Chair of the Equal Employment Opportunity Commission
- In office March 8, 1990 – April 2, 1993
- President: George H. W. Bush Bill Clinton
- Preceded by: Clarence Thomas
- Succeeded by: Tony Gallegos (acting)

Commissioner of the Equal Employment Opportunity Commission
- In office June 19, 1987 – April 2, 1993
- President: Ronald Reagan George H. W. Bush Bill Clinton
- Preceded by: William Arthur Webb

Personal details
- Born: May 5, 1937 New York City, New York, U.S.
- Died: August 12, 1997 (aged 60) Washington, D.C., U.S.
- Political party: Republican
- Spouse: Janine Bertram
- Education: Washington and Lee University (BA) University of Virginia (LLB)

= Evan Kemp =

American disability rights activist

Evan Jennings Kemp, Jr. (May 5, 1937 – August 12, 1997) was an American disability rights activist who served as chairman of the Equal Employment Opportunity Commission from 1990 to 1993.

==Biography==
Kemp was born on May 5, 1937, in New York City and grew up in Cleveland Heights, Ohio. He received his B.A. degree from Washington and Lee University in 1959 and his LL.B. from the University of Virginia School of Law in 1964. Throughout his early life, he had difficulty walking, and he would noticeably lurch when he did so. In 1971, his leg was severely fractured when a garage door slammed down on it, rendering it completely impossible for him to walk, leading him to use a wheelchair.

Kemp served as executive director of the Disability Rights Center from 1980 until 1987, when he was appointed to the Equal Employment Opportunity Commission (EEOC) by then-President Ronald Reagan to succeed William Arthur Webb. He was confirmed to the EEOC During the next three years, Kemp played a significant role in helping to draft the Americans with Disabilities Act of 1990. In February 1989, shortly after Reagan's Vice President George H. W. Bush had taken office as president, Kemp stated that Bush had told him that he was Bush's preferred candidate to become the new United States Assistant Attorney General for the Civil Rights Division.
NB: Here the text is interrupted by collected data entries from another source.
Lemma swap_atK i s : i.+1 < size s -> swap_at i (swap_at i s) = s.
Proof.
move=> Hi; apply: (@eq_from_nth _ false); first by rewrite !size_swap_at.
move=> k _; rewrite !nth_swap_at ?size_swap_at // eqxx (gtn_eqF (ltnSn i)).
by case: (eqVneq k i) => [->//|_]; case: (eqVneq k i.+1) => [->|//]; rewrite eqxx.
Qed.

Lemma swap_at_rcons i s b : i.+1 < size s ->
  swap_at i (rcons s b) = rcons (swap_at i s) b.
Proof.
move=> Hi; rewrite /swap_at -!cats1 -!catA take_cat drop_cat !nth_cat Hi ltnW //.
case: ifP => // Hi2; rewrite (_ : i.+2 - size s = 0)%N ?drop0 ?drop_oversize //; lia.
Qed.

Lemma rot1_swap_at i s : i.+2 < size s -> rot 1 (swap_at i.+1 s) = swap_at i (rot 1 s).
Proof.
case: s => // b s Hi.
by rewrite -[swap_at _ _]/(b :: swap_at i s) !rot1_cons swap_at_rcons.
Qed.

Lemma rotr1_swap_at i s : i.+2 < size s ->
  rotr 1 (swap_at i s) = swap_at i.+1 (rotr 1 s).
Proof.
move=> Hi; rewrite -{1}(rotrK 1 s) -rot1_swap_at ?size_rotr //.
by rewrite rotK.
Qed.

Lemma nth_rot1 s k : k.+1 < size s -> nth false (rot 1 s) k = nth false s k.+1.
Proof. by case: s => //= b s Hk; rewrite rot1_cons nth_rcons ifT. Qed.

Lemma nth_rot1_last s : nth false (rot 1 s) (size s).-1 = nth false s 0.
Proof. by case: s => //= b s; rewrite rot1_cons nth_rcons ltnn eqxx. Qed.

Lemma nth_rotr1 s k : k.+1 < size s -> nth false (rotr 1 s) k.+1 = nth false s k.
Proof. by move=> Hk; rewrite -[in RHS](rotrK 1 s) nth_rot1 ?size_rotr. Qed.

Lemma nth_rotr1_0 s : nth false (rotr 1 s) 0 = nth false s (size s).-1.
Proof. by rewrite -[in RHS](rotrK 1 s) size_rot nth_rot1_last. Qed.

Lemma rb_at_rot1 s j : j.+2 < size s -> rb_at (rot 1 s) j = rb_at s j.+1.
Proof. by move=> Hj; have Hj1 := ltnW Hj; rewrite /rb_at size_rot !nth_rot1 // Hj Hj1. Qed.

Lemma rb_at_rotr1 s j : j.+2 < size s -> rb_at (rotr 1 s) j.+1 = rb_at s j.
Proof. by move=> Hj; rewrite -{2}(rotrK 1 s) rb_at_rot1 ?size_rotr. Qed.

Lemma wequiv_cancel_LR th P s Q : run P th = Some s -> nth false s 0 ->
  run Q s != None -> wequiv th (P ++ [:: RotL; RotR] ++ Q) (P ++ Q).
Proof.
move=> HP Hs HQ; rewrite -[P ++ Q]/(P ++ [::] ++ Q).
apply: (wequiv_basic HP (br_rot_inv1 Hs) _ HQ).
have HR : step RotR (rot 1 s) = Some s.
  by rewrite step_RotR_black ?rotK // size_rot nth_rot1_last.
by rewrite (run_step _ (step_RotL_black Hs)) (run_step _ HR).
Qed.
In the fall of 1989, Bush chose Kemp to be the new chairman of the EEOC, and Kemp assumed this role on March 8, 1990, replacing Clarence Thomas. As chairman of the EEOC, Kemp was greatly involved in the drafting of the final rules of the Americans with Disabilities Act when it took effect in 1992. Kemp remained chairman of the EEOC until April 2, 1993, when he resigned the position; he had announced his resignation on March 26, 1993, in a letter to President Bill Clinton.

Kemp died on August 12, 1997, at a hospital near his home in Washington, D.C. His cause of death was not immediately known, but his wife, Janine Bertram, stated at the time that it was unrelated to Kugelberg-Welander disease, which he had had since the age of 12.